How to mount a cdrom
Make sure the cdrom is inserted
Make sure the cdrom drive is properly identified
lsdev -Cc cdrom
Mount the cdrom
mount -v cdrfs -r /dev/cd0 /cdrom

Dump Space

The system dump facility copies critical information to the dump device when a system crash occurs.  This information is critical for determing the cause of the crash.

sysdumpdev -l  <-- shows where the system dump location currently is located.

sysdumpdev -P -p /dev/hd9   <-- changes the primary dump device to hd9

sysdumpdev -e   <-- estimates the size of the current dump

smitty dump   <-- access dump configuration through smit

Procedure for manually peforming a system dump
Using Commands
sysdumpstart
smit dump
Using special key sequence
Key in SERVICE mode
<CTRL><ALT><NUMPAD1> or K<CTRL><ALT><NUMPAD2>
Using the reset button
Key in SERVICE mode
Press the reset button once
Procedure to verify a system dump
Find out the name of the dump file
sysdumpdev -L
Run the crash command
crash <Dump copy filename>  or crash <Dump Device Name>
crash will provide a ">" prompt, stat and quit are commands of crash
>stat
If the dump is successful, then you will see statistics of the dump
>quit
Procedure to generate a system dump using snap
snap -gfkDNcd <directory to store snap file>
-g  <--  gets output of the lslpp -hBc command
-f   <--  gets system information
-k  <--  gets kernel information
-D  <--  gets dump and /unix information
-N  <--  does  not check for free space
-c  <--  creates a compressed pax image of all the files in the directory
-d  <--  allows the destination directory to specified, rather than the default of  /tmp/ibmsupt

Filesystems

Additional information in the file aix-lvm.html.
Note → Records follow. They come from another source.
Lemma dprod_normal_TI A B G :
  A <| G -> B <| G -> A :&: B = 1 -> A * B = G -> A \x B = G.
Proof.
move=> /andP[sAG nAG] /andP[sBG nBG] tiAB defG; rewrite -defG dprodE //.
apply/commG1P/trivgP; rewrite -tiAB setIC commg_subI // subsetI subxx.
  exact: subset_trans nAG.
exact: subset_trans nBG.
Qed.

Lemma indexg_dprod A B G P :
  A \x B = G -> B \subset P -> P \subset G -> #|A : P :&: A| = #|G : P|.
Proof.
move=> defG sBP sPG; have [_ defAB _ tiAB] := dprodP defG.
have defP : (P :&: A) * B = P by rewrite group_modr // defAB (setIidPl sPG).
have tiPAB : (P :&: A) :&: B = 1 by apply/trivgP; rewrite -tiAB setSI ?subsetIr.
rewrite -!divgS ?subsetIr // -defAB -{1}defP !TI_cardMg //.
by rewrite divnMr ?cardG_gt0.
Qed.

End DirectProducts.

Section DprodProjection.
Local Open Scope group_scope.
Variables (gT : finGroupType) (A B G : {group gT}).
Hypothesis defG : A \x B = G.

Definition dprod_proj x := (divgr A B x, remgr A B x).

Lemma dprod_projM : {in G &, {morph dprod_proj : x y / x * y}}.
Proof.
have [_ defAB cAB tiAB] := dprodP defG; have [nsAG _] := dprod_normal2 defG.
have complB : B \in [complements to A in G] by apply/complP.
by move=> x y Gx Gy; rewrite /dprod_proj (divgrM complB) ?(remgrM complB).
Qed.

Canonical dprod_proj_morphism := Morphism dprod_projM.

Lemma injm_dprod_proj : 'injm dprod_proj_morphism.
Proof.
apply/injmP=> x y _ _ [eq_div eq_rem].
by rewrite (divgr_eq A B x) (divgr_eq A B y) eq_div eq_rem.
Qed.
(* Write d = vec(U - Wstar) and P = vec(Uhat - Wstar).  Since Wstar lies in C,
   the projection inequality gives |P|^2 <= <P, d - grad L(U) / alpha>.  Both d
   and P lie in the cone generated by C - Wstar, where H1 has curvature at least
   beta; applying alpha I - H1 >= 0 to |d| P - |P| d bounds the H1 part of the
   gradient term by (alpha - beta) |d| |P|, and Cauchy-Schwarz bounds the
   H2 + H3 part by eps |d| |P|.  Hence alpha |P| <= (alpha - beta + eps) |d|,
   and beta >= 10 eps makes (1 - (beta - eps) / alpha)^2 <= 1 - beta / (2 alpha). *)
From HB Require Import structures.
From Stdlib Require Import Reals Lra Psatz FunctionalExtensionality.
From mathcomp Require Import all_boot.
Open Scope R_scope.
Set Implicit Arguments. Unset Strict Implicit.

HB.instance Definition _ :=
  Monoid.isComLaw.Build R R0 Rplus (fun a b c => esym (Rplus_assoc a b c)) Rplus_comm Rplus_0_l.

Lemma rsum_ext n (f g : 'I_n -> R) : (forall i, f i = g i) -> rsum f = rsum g.
Proof. by move=> fg; apply: eq_bigr => i _. Qed.

Lemma rsum_add n (f g : 'I_n -> R) : rsum (fun i => f i + g i) = rsum f + rsum g.
Proof. exact: big_split. Qed.

Lemma rsum_scale n c (f : 'I_n -> R) : rsum (fun i => c * f i) = c * rsum f.
Proof.
apply: (big_rec2 (fun s t => s = c * t)); first by ring.
by move=> i s t _ ->; ring.
Qed.

Lemma rsum_sub n (f g : 'I_n -> R) : rsum (fun i => f i - g i) = rsum f - rsum g.
Proof.
rewrite (@rsum_ext _ _ (fun i => f i + -1 * g i)) => [|i]; last by ring.
by rewrite rsum_add rsum_scale; ring.
Qed.

Lemma rsum0 n : rsum (fun _ : 'I_n => 0) = 0.
Proof. by apply: big1. Qed.

Lemma rsum_exch n (F : 'I_n -> 'I_n -> R) :
  rsum (fun i => rsum (fun j => F i j)) = rsum (fun j => rsum (fun i => F i j)).
Proof. exact: exchange_big. Qed.

Lemma rsum_ge_term n (f : 'I_n -> R) k : (forall i, 0 <= f i) -> f k <= rsum f.
Proof.
move=> f_ge0; rewrite /rsum (bigD1 k) //=.
set rest := \big[_/_]_(i | _) _.
suff : 0 <= rest by lra.
by apply: (big_ind (fun x => 0 <= x)) => [|x y|i _]; [lra|lra|apply: f_ge0].
Qed.
(* Let $C$ be a small category. If $f:X\to Y$ is an isomorphism in $Sd(C)$, then $X=Y$ and $f=\mathrm{id}_X$.
   Context: For $q\ge0$, $[q]=\{0<\dots<q\}$ viewed as a category. A $q$-simplex of the nerve $NC$ is a functor $X:[q]\to C$; $q_X=q$. It is non-degenerate if none of its arrows $X_{i-1}\to X_i$ is an identity. $\Delta/C$ has all simplices as objects and as morphisms $X\to Y$ the order-preserving $\xi:[q_X]\to[q_Y]$ with $Y\circ\xi=X$, written $\xi_*$. For a $q$-simplex $X$ and surjective order-preserving $s:[q+1]\to[q]$ with order-preserving right inverses $d,d'$, $d_*,d'_*:X\to X\circ s$ are elementary equivalent; $\sim$ is the smallest equivalence relation on morphisms of $\Delta/C$ compatible with composition containing these pairs; $[\Delta/C]$ is the quotient category (morphisms are classes $[\xi_*]$); $Sd(C)$ is the full subcategory of $[\Delta/C]$ on the non-degenerate simplices. *)

From mathcomp Require Import all_boot.
Unset Printing Implicit Defensive.

(* A small category, single-sorted presentation: a type of objects, a type of
   arrows, domain/codomain, identities and composition ([comp g f] = g o f,
   meaningful when [cod f = dom g]). *)
Record category := Category {
  Ob : Type;
  Arr : Type;
  dom : Arr -> Ob;
  cod : Arr -> Ob;
  idA : Ob -> Arr;
  comp : Arr -> Arr -> Arr;
  dom_id : forall x, dom (idA x) = x;
  cod_id : forall x, cod (idA x) = x;
  dom_comp : forall f g, cod f = dom g -> dom (comp g f) = dom f;
  cod_comp : forall f g, cod f = dom g -> cod (comp g f) = cod g;
  comp_id_r : forall f, comp f (idA (dom f)) = f;
  comp_id_l : forall f, comp (idA (cod f)) f = f;
  comp_assoc : forall f g h, cod f = dom g -> cod g = dom h ->
      comp h (comp g f) = comp (comp h g) f }.

Arguments dom {c} _.
Arguments cod {c} _.
Arguments idA {c} _.
Arguments comp {c} _ _.

Definition mono m n (f : 'I_m -> 'I_n) :=
  forall i j : 'I_m, (i <= j)%N -> (f i <= f j)%N.
Arguments mono {m n} f.

Section Nerve.
Variable C : category.

(* A q-simplex of the nerve: a functor [q] -> C, q = sdim. *)
Record simplex := Simplex {
  sdim : nat;
  sob : 'I_sdim.+1 -> Ob C;
  sar : forall i j : 'I_sdim.+1, (i <= j)%N -> Arr C;
  sar_dom : forall i j h, dom (sar i j h) = sob i;
  sar_cod : forall i j h, cod (sar i j h) = sob j;
  sar_id : forall (i : 'I_sdim.+1) (h : (i <= i)%N), sar i i h = idA (sob i);
  sar_comp : forall (i j k : 'I_sdim.+1) (hij : (i <= j)%N) (hjk : (j <= k)%N) (hik : (i <= k)%N),
      sar i k hik = comp (sar j k hjk) (sar i j hij) }.

Definition precomp (X : simplex) p (xi : 'I_p.+1 -> 'I_(sdim X).+1)
  (hxi : mono xi) : simplex :=
  {| sdim := p;
     sob := fun i => sob X (xi i);
     sar := fun i j h => sar X (xi i) (xi j) (hxi i j h);
     sar_dom := fun i j h => sar_dom X _ _ _;
     sar_cod := fun i j h => sar_cod X _ _ _;
     sar_id := fun i h => sar_id X _ _;
     sar_comp := fun i j k hij hjk hik => sar_comp X _ _ _ _ _ _ |}.


Arguments precomp X {p xi} hxi.

Definition nondeg (X : simplex) : Prop :=
  forall (i j : 'I_(sdim X).+1) (h : (i <= j)%N), (j : nat) = i.+1 ->
    sar X i j h <> idA (sob X i).

(* Morphisms X -> Y of Delta/C: order-preserving xi with Y o xi = X
   (functor equality written out componentwise). *)
Record hom (X Y : simplex) := Hom {
  hmap : 'I_(sdim X).+1 -> 'I_(sdim Y).+1;
  hmono : mono hmap;
  hob : forall i, sob Y (hmap i) = sob X i;
  har : forall (i j : 'I_(sdim X).+1) (h : (i <= j)%N),
      sar Y (hmap i) (hmap j) (hmono i j h) = sar X i j h }.


Arguments Hom {X Y} hmap hmono hob har.
Arguments hmap {X Y} _ _.
Arguments hmono {X Y} _ _ _ _.
Arguments hob {X Y} _ _.
Arguments har {X Y} _ _ _ _.

Definition hid (X : simplex) : hom X X :=
  @Hom X X (fun i => i) (fun i j h => h) (fun i => erefl) (fun i j h => erefl).

(* diagrammatic composition: hcomp f g = g o f *)
Definition hcomp (X Y Z : simplex) (f : hom X Y) (g : hom Y Z) : hom X Z :=
  @Hom X Z (fun i => hmap g (hmap f i))
    (fun i j h => hmono g _ _ (hmono f i j h))
    (fun i => etrans (hob g (hmap f i)) (hob f i))
    (fun i j h => etrans (har g _ _ (hmono f i j h)) (har f i j h)).


Arguments hcomp {X Y Z} f g.

(* ~ : smallest equivalence relation on morphisms of Delta/C, compatible with
   composition, containing the elementary equivalences d_* ~ d'_* : X -> X o s. *)
Inductive hequiv : forall X Y : simplex, hom X Y -> hom X Y -> Prop :=
  | he_elem (X : simplex) (s : 'I_(sdim X).+2 -> 'I_(sdim X).+1) (hs : mono s)
      (s_surj : forall k, exists l, s l = k)
      (d d' : hom X (precomp X hs)) :
      cancel (hmap d) s -> cancel (hmap d') s -> hequiv _ _ d d'
  | he_refl X Y (f : hom X Y) : hequiv _ _ f f
  | he_sym X Y (f g : hom X Y) : hequiv _ _ f g -> hequiv _ _ g f
  | he_trans X Y (f g h : hom X Y) : hequiv _ _ f g -> hequiv _ _ g h -> hequiv _ _ f h
  | he_compl X Y Z (f f' : hom X Y) (g : hom Y Z) :
      hequiv _ _ f f' -> hequiv _ _ (hcomp f g) (hcomp f' g)
  | he_compr X Y Z (f : hom X Y) (g g' : hom Y Z) :
      hequiv _ _ g g' -> hequiv _ _ (hcomp f g) (hcomp f g').


End Nerve.

Arguments precomp {C} X {p xi} hxi.
Arguments Hom {C X Y} hmap hmono hob har.
Arguments hmap {C X Y} _ _.
Arguments hmono {C X Y} _ _ _ _.
Arguments hob {C X Y} _ _.
Arguments har {C X Y} _ _ _ _.
Arguments hid {C} X.
Arguments hcomp {C X Y Z} f g.
Arguments hequiv {C X Y} _ _.
Arguments nondeg {C} X.

Arguments hom {C} X Y.
Arguments sdim {C} s.
Arguments sob {C} s _.
Arguments sar {C} s i j _.

(* A morphism out of a non-degenerate simplex is strictly increasing on
   vertices: if it glued two consecutive vertices, the arrow between them would
   be sent to an identity and hence be one.  So morphisms both ways between
   non-degenerate simplices force equal dimensions, and a strictly increasing
   self-map of a finite chain is the identity; the simplices then coincide and
   the morphism is the identity. *)
From Stdlib Require Import FunctionalExtensionality ProofIrrelevance.
From mathcomp Require Import all_boot zify.

Set Implicit Arguments.
Unset Strict Implicit.

Lemma ord_strict_homo_ge m n (f : 'I_m -> 'I_n) :
  {homo f : i j / (i < j)%N} -> forall i : 'I_m, (i <= f i)%N.
Proof.
move=> f_lt [k lt_km] /=; elim: k lt_km => [|k IHk] lt_k1m //.
have lt_km : (k < m)%N by apply: ltnW.
by apply: leq_ltn_trans (IHk lt_km) (f_lt (Ordinal lt_km) (Ordinal lt_k1m) _).
Qed.

Lemma ord_strict_homo_id n (f : 'I_n -> 'I_n) :
  {homo f : i j / (i < j)%N} -> f =1 id.
Proof.
move=> f_lt i; apply/val_inj/eqP; rewrite eqn_leq (ord_strict_homo_ge f_lt i) andbT.
pose g j := rev_ord (f (rev_ord j)).
have g_lt : {homo g : j k / (j < k)%N}.
  move=> j k lt_jk; rewrite /= ltn_sub2lE // ltnS.
  by apply: f_lt; rewrite /= ltn_sub2lE // ltnS.
have := ord_strict_homo_ge g_lt (rev_ord i); rewrite /g rev_ordK /=.
by have := ltn_ord (f i); lia.
Qed.

Lemma ord_strict_homo_inj m n (f : 'I_m -> 'I_n) :
  {homo f : i j / (i < j)%N} -> injective f.
Proof.
move=> f_lt i j eq_fij; apply/val_inj.
by case: (ltngtP i j) => // /f_lt; rewrite eq_fij ltnn.
Qed.

Section NondegHom.
Variable C : category.

Lemma sar_congr (Y : simplex C) a b a' b' h h' :
  a = a' -> b = b' -> sar Y a b h = sar Y a' b' h'.
Proof. by move=> eq_a eq_b; subst; rewrite (bool_irrelevance h h'). Qed.

Lemma nondeg_hom_strict (X Y : simplex C) (f : hom X Y) :
  nondeg X -> {homo hmap f : i j / (i < j)%N}.
Proof.
move=> ndX i j lt_ij.
have lt_i1 : (i.+1 < (sdim X).+1)%N by apply: leq_ltn_trans lt_ij (ltn_ord j).
pose i' := Ordinal lt_i1.
have le_ii' : (i <= i')%N by apply: leqnSn.
rewrite ltn_neqAle (hmono f i j (ltnW lt_ij)) andbT.
apply/negP => /eqP eq_fij.
have eq_fi' : hmap f i' = hmap f i.
  apply/ord_inj/eqP; rewrite eqn_leq (hmono f _ _ le_ii') andbT eq_fij.
  exact: hmono f i' j lt_ij.
apply: (ndX i i' le_ii' erefl).
rewrite -(har f i i' le_ii') -(hob f i) -(sar_id C Y (hmap f i) (leqnn _)).
exact: sar_congr.
Qed.

Lemma nondeg_hom_sdim_leq (X Y : simplex C) (f : hom X Y) :
  nondeg X -> (sdim X <= sdim Y)%N.
Proof.
move=> ndX; have := leq_card _ (ord_strict_homo_inj (nondeg_hom_strict f ndX)).
by rewrite !card_ord.
Qed.

Lemma nondeg_hom_val_id (X Y : simplex C) (f : hom X Y) :
  nondeg X -> sdim X = sdim Y -> forall i, hmap f i = i :> nat.
Proof.
move=> ndX eq_dim i.
pose g i := cast_ord (congr1 S (esym eq_dim)) (hmap f i).
have g_lt : {homo g : i j / (i < j)%N} by move=> j k /(nondeg_hom_strict f ndX).
exact: (congr1 (@nat_of_ord _) (ord_strict_homo_id g_lt i)).
Qed.

Lemma hom_val_id_simplex_eq (X Y : simplex C) (f : hom X Y) :
  sdim X = sdim Y -> (forall i, hmap f i = i :> nat) -> X = Y.
Proof.
case: X f => p sX aX ? ? ? ?; case: Y => q sY aY ? ? ? ? /= f eq_pq.
subst q => f_id.
have {}f_id i : hmap f i = i by apply: val_inj; exact: f_id.
have eq_sob : sY = sX.
  by apply: functional_extensionality => i; have /= := hob f i; rewrite f_id.
subst sY.
have eq_sar : aY = aX.
  do 3![apply: functional_extensionality_dep => ?].
  by rewrite -[RHS](har f); symmetry; apply: sar_congr (f_id _) (f_id _).
subst aY; f_equal; exact: proof_irrelevance.
Qed.

Lemma hom_val_id_eq_hid (X : simplex C) (f : hom X X) :
  (forall i, hmap f i = i :> nat) -> f = hid X.
Proof.
case: f => m m_mono m_ob m_ar /= m_id.
have eq_m : m = id by apply: functional_extensionality => i; apply: val_inj; exact: m_id.
subst m.
have eq_mono : m_mono = hmono (hid X) by exact: proof_irrelevance.
subst m_mono.
have eq_ob : m_ob = hob (hid X) by exact: proof_irrelevance.
have eq_ar : m_ar = har (hid X) by exact: proof_irrelevance.
by subst m_ob m_ar.
Qed.

End NondegHom.

Theorem corollary20 (C : category) (X Y : simplex C) (f : hom X Y) :
  nondeg X -> nondeg Y ->
  (exists g : hom Y X,
      hequiv (hcomp f g) (hid X) /\ hequiv (hcomp g f) (hid Y)) ->
  exists e : X = Y, hequiv f (eq_rect X (hom X) (hid X) Y e).
Proof.
move=> ndX ndY [g _].
have eq_dim : sdim X = sdim Y.
  by apply/anti_leq; rewrite (nondeg_hom_sdim_leq f ndX) (nondeg_hom_sdim_leq g ndY).
have f_id := nondeg_hom_val_id f ndX eq_dim.
have eq_XY := hom_val_id_simplex_eq eq_dim f_id.
subst Y; exists erefl.
rewrite (hom_val_id_eq_hid f_id); exact: he_refl.
Qed.
(** Shallow ConvNet with a single hidden channel (Z = 1), ReLU, max pooling
   over all N positions (ReLU outputs are >= 0, so 0 is a neutral element). *)
Definition shallow1_h (f : 'rV[R]_p -> 'rV[R]_s -> R) (M N : nat)
    (th : 'I_M -> 'rV[R]_p) (b : 'I_N -> 'I_M -> R) (c : R) (X : seq 'rV[R]_s) : R :=
  c * \big[Num.max/0]_(i < N) relu (\sum_(d < M) b i d * f (th d) (nth 0 X i)).

Definition grid_input (M N : nat) (xs : 'I_M -> 'rV[R]_s) (ds : N.-tuple 'I_M)
  : seq 'rV[R]_s := [seq xs d | d <- ds].

Definition param_domain (Theta : set 'rV[R]_p) M L Y r
    (v : 'rV[R]_(nparams M L Y r)) : Prop :=
  forall d : 'I_M, Theta (theta_of (param v) d).

(** The event: the deep score function h^D_y is realized (same grid tensor)
   by a shallow ConvNet with Z = 1. *)
Definition realizable_event (Theta : set 'rV[R]_p) (f : 'rV[R]_p -> 'rV[R]_s -> R)
    M L Y r (y : nat) (xs : 'I_M -> 'rV[R]_s) : set 'rV[R]_(nparams M L Y r) :=
  fun v => exists th : 'I_M -> 'rV[R]_p, (forall d, Theta (th d)) /\
    exists (b : 'I_(2 ^ L) -> 'I_M -> R) (c : R),
      forall ds : (2 ^ L).-tuple 'I_M,
        shallow1_h f th b c (grid_input xs ds) =
        deep_h f M L r (param v) y (grid_input xs ds).

(** Lebesgue integral over R^n, as the iterated integral of a nonnegative
   (extended-real valued) function of the coordinates 0..n-1. *)
Fixpoint leb_itint (n : nat) (g : (nat -> R) -> \bar R) : \bar R :=
  match n with
  | 0 => g (fun _ => 0)
  | n'.+1 => (\int[@lebesgue_measure R]_x
                leb_itint n' (fun w => g (fun i => if i == n' then x else w i)))%E
  end.

Definition rowof (n : nat) (w : nat -> R) : 'rV[R]_n := \row_(i < n) w i.

Definition prob_dens (n : nat) (rho : 'rV[R]_n -> R) (A : set 'rV[R]_n) : \bar R :=
  leb_itint n (fun w => ((rho (rowof n w)) * (\1_A (rowof n w)))%:E).

End ConvNets.

From Pilot Require Import Defs.
From HB Require Import structures.
From mathcomp Require Import all_boot all_order all_algebra.
From mathcomp Require Import all_classical all_reals all_analysis.
From mathcomp Require Import lra zify.
Import Order.TTheory GRing.Theory Num.Theory.
Import numFieldNormedType.Exports.
Local Open Scope classical_set_scope.
Local Open Scope ring_scope.

(* With the representation parameters chosen so that the template matrix
   F = (f_{theta_d}(x^(i))) is non-singular and the first-layer weights solving
   F a = -1, every first-layer pre-activation on every template is -1.  By
   continuity this stays negative on a ball of parameters on which the density
   is also bounded below.  There every first-layer ReLU, hence every deeper
   unit, outputs 0, so the deep score function vanishes on the grid and is
   realized by the one-channel shallow network with output weight 0; the ball
   has positive probability. *)

Section IteratedIntegral.
Variable R : realType.

Lemma integral_ge_itv (F : R -> \bar R) (c a b : R) : 0 <= c -> a <= b ->
  (forall x, (0 <= F x)%E) -> (forall x, a < x < b -> (c%:E <= F x)%E) ->
  ((c * (b - a))%:E <= \int[@lebesgue_measure R]_x F x)%E.
Proof.
move=> c0 ab F0 Fab.
have mI : measurable (`]a, b[%classic : set (measurableTypeR R)).
  exact: measurable_itv.
pose h := scale_nnsfun (indic_nnsfun R mI) c0.
rewrite ge0_integralTE //; apply: le_trans (ereal_sup_ubound _); last first.
  exists h => //= x; rewrite /measurable_realfun.mindic indicE.
  case: (boolP (x \in _)) => [/set_mem|_]; last by rewrite mulr0.
  by rewrite mulr1 /= in_itv /=; exact: Fab.
rewrite -(integralT_nnsfun _ h) /= /measurable_realfun.mindic.
have c_nlt0 : ~ c < 0 by rewrite ltNge c0.
have /= -> := @integralZl_indic _ _ R (@lebesgue_measure R) setT measurableT
  (fun _ => `]a, b[%classic) c (fun c_lt0 => False_ind _ (c_nlt0 c_lt0)) mI.
rewrite integral_indic // setIT.
rewrite -[X in (_ * X)%E]/(lebesgue_measure (`]a, b[%classic : set R)).
rewrite lebesgue_measure_itv /= lte_fin.
case: ltP => ab'; first by rewrite -EFinD EFinM.
have -> : b = a by apply/eqP; rewrite eq_le ab' ab.
by rewrite subrr mulr0 mule0.
Qed.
 mount -t <type>  --> mounts all filesystems in /etc/filesystems containing the t=type attribute

Copying files
cp
tar - limited to files smaller than 2 GB
cpio - limited to files smaller than 2 GB
pax

Argument list too long error
lsattr -E -l sys0 -a ncargs - List value of ARG/ENV
chdev -l sys0 -a ncargs=NewValue (range 6-128) - Modifies value of ARG/ENV.

Kernel

Changing from 32 bit kernel to 64 bit kernel
Change the link in the root directory
Existing link:  lrwxrwxrwx   1 root     system           21 Jun 12 09:59 unix -> /usr/lib/boot/unix_mp
Link to:  /usr/lib/boot/unix_64
Change the link in the /usr/lib/boot directory
Existing link:  lrwxrwxrwx   1 root     system           21 Jun 12 10:01 unix -> /usr/lib/boot/unix_mp
Link to:  /usr/lib/boot/unix_64


Networking

entstat -d en0   <-- this will display configuration and statistics for the network card "en0" - useful for displaying speed/duplex configuration

Paging and Swap Space

Utilities to monitor paging space:
vmstat
topas
lsps -a  <- Lists paging space by disk
chps -s 16 hd6   <- Changes the paging space by adding 16 logical partitions to the hd6 logical volume (default swap space device)
chps -d 16 hd6  <- Changes the paging space by deleting 16 logical partitions from the hd6 logical volume
mkps  <--  Makes additional paging space
rmps  <--  Deletes paging space  (paging space must be deactivated by chps and then system must be rebooted to remove the paging space)
swapon  <-- Turns on a paging space
swapoff  <-- Turns off a paging space

Total Paging Space = 512MB + (Physical Memory Size - 256MB) * 1.25


Processes and Services

/etc/inetd.conf - inetd configuration file
/etc/services - information about services, such as port number

Starting and stopping a process:
refresh -p <pid>
refresh -s <subsystem name>

Changing the inetd configuration
Files
/etc/inetd.conf
/etc/services
Using smit - daemon is recycled automatically upon exit
Using vi
restart the inetd daemon so that the new configuration is read:
refresh -s inetd
Using chservices to edit /etc/services
chservices -c  --> changes entries
chservices -a  --> adds entries
chservices -d  --> deactivates entries
Software Installation and Patches

lslpp -l "<fileset>"   <--  Shows information about filesets

rebuild .toc file - "inutoc"  <-- This rebuilds the toc where the bff's are located.  Needed if something is added to an existing fileset or new file will not be found.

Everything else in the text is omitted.